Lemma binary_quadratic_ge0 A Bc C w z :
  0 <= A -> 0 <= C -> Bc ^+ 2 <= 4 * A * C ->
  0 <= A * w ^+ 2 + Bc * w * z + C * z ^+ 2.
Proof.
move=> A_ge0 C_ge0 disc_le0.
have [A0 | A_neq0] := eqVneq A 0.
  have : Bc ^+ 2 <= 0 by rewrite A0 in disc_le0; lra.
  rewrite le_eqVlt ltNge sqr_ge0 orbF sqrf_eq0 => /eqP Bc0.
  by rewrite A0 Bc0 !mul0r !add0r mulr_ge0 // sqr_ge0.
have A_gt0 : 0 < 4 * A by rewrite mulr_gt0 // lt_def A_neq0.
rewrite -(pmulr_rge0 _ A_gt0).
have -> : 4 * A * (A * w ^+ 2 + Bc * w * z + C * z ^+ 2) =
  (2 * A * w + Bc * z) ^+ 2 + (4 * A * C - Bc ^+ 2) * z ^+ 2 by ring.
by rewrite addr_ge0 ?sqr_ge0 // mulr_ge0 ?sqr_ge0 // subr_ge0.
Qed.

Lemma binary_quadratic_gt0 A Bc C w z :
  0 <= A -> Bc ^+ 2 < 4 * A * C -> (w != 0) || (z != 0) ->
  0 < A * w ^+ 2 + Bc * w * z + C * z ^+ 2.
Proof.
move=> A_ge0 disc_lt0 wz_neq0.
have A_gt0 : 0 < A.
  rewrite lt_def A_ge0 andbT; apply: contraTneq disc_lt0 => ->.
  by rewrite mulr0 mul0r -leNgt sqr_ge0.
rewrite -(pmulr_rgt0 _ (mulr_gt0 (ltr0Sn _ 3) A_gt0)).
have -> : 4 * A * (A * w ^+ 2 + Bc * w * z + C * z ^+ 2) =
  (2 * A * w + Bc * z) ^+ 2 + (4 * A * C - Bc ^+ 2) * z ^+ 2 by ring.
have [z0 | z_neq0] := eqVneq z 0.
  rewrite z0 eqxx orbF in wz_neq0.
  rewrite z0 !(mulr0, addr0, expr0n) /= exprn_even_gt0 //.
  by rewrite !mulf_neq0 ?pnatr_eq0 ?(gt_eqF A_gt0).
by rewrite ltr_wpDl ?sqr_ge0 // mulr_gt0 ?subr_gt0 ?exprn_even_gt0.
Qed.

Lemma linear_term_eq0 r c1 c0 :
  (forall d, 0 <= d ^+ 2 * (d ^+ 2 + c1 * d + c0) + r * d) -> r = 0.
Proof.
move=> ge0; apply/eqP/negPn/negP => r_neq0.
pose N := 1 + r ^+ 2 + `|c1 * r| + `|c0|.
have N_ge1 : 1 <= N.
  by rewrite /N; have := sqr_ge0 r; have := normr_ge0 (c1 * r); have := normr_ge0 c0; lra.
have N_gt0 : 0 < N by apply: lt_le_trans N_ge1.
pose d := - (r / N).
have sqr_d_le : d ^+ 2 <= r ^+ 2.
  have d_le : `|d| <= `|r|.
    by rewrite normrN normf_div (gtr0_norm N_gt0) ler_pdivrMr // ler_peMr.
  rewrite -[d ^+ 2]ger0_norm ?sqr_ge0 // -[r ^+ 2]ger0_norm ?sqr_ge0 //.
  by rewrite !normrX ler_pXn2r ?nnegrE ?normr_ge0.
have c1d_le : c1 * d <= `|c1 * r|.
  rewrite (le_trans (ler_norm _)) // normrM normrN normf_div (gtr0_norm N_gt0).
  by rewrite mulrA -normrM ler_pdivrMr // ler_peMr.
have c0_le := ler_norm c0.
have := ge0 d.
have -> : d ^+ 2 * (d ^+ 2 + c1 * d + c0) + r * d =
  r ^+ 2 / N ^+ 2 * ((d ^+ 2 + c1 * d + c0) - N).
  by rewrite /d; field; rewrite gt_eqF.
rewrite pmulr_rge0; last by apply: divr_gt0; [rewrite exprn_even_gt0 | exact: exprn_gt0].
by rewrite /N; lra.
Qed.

::::::

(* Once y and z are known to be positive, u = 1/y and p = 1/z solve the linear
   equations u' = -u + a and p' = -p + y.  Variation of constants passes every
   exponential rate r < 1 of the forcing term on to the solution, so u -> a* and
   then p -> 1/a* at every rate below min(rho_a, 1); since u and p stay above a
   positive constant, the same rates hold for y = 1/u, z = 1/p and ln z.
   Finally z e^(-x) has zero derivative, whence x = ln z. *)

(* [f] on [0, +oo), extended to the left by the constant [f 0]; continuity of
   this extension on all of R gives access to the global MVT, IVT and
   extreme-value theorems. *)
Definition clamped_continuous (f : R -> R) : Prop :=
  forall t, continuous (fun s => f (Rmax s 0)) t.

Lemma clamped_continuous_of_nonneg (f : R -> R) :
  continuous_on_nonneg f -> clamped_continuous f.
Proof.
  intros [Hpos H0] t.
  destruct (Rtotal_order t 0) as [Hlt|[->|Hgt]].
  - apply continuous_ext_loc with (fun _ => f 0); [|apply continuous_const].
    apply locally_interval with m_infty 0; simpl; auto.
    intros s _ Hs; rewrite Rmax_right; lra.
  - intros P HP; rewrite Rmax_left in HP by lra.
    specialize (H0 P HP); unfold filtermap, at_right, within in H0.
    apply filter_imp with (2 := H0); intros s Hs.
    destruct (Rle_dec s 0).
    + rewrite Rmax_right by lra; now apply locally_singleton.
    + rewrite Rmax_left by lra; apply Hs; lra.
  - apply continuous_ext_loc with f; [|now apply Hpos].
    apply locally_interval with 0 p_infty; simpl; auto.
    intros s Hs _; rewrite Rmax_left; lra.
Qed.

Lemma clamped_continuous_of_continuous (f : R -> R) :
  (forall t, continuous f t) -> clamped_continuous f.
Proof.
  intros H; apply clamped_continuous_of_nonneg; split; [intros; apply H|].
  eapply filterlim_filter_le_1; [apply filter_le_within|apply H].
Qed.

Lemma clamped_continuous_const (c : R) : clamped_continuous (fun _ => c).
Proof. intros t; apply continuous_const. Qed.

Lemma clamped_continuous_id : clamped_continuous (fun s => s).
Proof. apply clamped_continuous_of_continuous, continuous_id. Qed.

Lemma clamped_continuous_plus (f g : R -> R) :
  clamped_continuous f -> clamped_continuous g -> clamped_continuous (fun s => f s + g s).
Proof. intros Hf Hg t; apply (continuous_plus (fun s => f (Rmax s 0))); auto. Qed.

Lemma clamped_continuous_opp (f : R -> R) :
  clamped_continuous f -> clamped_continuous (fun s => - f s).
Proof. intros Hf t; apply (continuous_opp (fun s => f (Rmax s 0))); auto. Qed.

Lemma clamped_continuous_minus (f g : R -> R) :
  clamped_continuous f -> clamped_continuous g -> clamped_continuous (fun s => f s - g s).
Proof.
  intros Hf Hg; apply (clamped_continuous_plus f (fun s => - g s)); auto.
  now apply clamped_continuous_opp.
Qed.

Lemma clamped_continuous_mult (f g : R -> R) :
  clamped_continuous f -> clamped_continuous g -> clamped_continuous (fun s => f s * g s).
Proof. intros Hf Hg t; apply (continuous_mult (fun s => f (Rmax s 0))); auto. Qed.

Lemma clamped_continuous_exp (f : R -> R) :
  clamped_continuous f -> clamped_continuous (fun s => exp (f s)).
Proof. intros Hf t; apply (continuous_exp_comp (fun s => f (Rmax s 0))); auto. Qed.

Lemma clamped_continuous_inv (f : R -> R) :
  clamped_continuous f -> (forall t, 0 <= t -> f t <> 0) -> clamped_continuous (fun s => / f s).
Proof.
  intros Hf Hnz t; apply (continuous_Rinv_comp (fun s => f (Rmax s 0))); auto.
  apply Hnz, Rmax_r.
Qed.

::::::

Your goal:
Take the records above and return, word for word, only the lines that fall from the line with "intros [Hpos H0] t." to the line with "s => f s - g s).", both of them included.

Answer space:
  intros [Hpos H0] t.
  destruct (Rtotal_order t 0) as [Hlt|[->|Hgt]].
  - apply continuous_ext_loc with (fun _ => f 0); [|apply continuous_const].
    apply locally_interval with m_infty 0; simpl; auto.
    intros s _ Hs; rewrite Rmax_right; lra.
  - intros P HP; rewrite Rmax_left in HP by lra.
    specialize (H0 P HP); unfold filtermap, at_right, within in H0.
    apply filter_imp with (2 := H0); intros s Hs.
    destruct (Rle_dec s 0).
    + rewrite Rmax_right by lra; now apply locally_singleton.
    + rewrite Rmax_left by lra; apply Hs; lra.
  - apply continuous_ext_loc with f; [|now apply Hpos].
    apply locally_interval with 0 p_infty; simpl; auto.
    intros s Hs _; rewrite Rmax_left; lra.
Qed.

Lemma clamped_continuous_of_continuous (f : R -> R) :
  (forall t, continuous f t) -> clamped_continuous f.
Proof.
  intros H; apply clamped_continuous_of_nonneg; split; [intros; apply H|].
  eapply filterlim_filter_le_1; [apply filter_le_within|apply H].
Qed.

Lemma clamped_continuous_const (c : R) : clamped_continuous (fun _ => c).
Proof. intros t; apply continuous_const. Qed.

Lemma clamped_continuous_id : clamped_continuous (fun s => s).
Proof. apply clamped_continuous_of_continuous, continuous_id. Qed.

Lemma clamped_continuous_plus (f g : R -> R) :
  clamped_continuous f -> clamped_continuous g -> clamped_continuous (fun s => f s + g s).
Proof. intros Hf Hg t; apply (continuous_plus (fun s => f (Rmax s 0))); auto. Qed.

Lemma clamped_continuous_opp (f : R -> R) :
  clamped_continuous f -> clamped_continuous (fun s => - f s).
Proof. intros Hf t; apply (continuous_opp (fun s => f (Rmax s 0))); auto. Qed.

Lemma clamped_continuous_minus (f g : R -> R) :
  clamped_continuous f -> clamped_continuous g -> clamped_continuous (fun s => f s - g s).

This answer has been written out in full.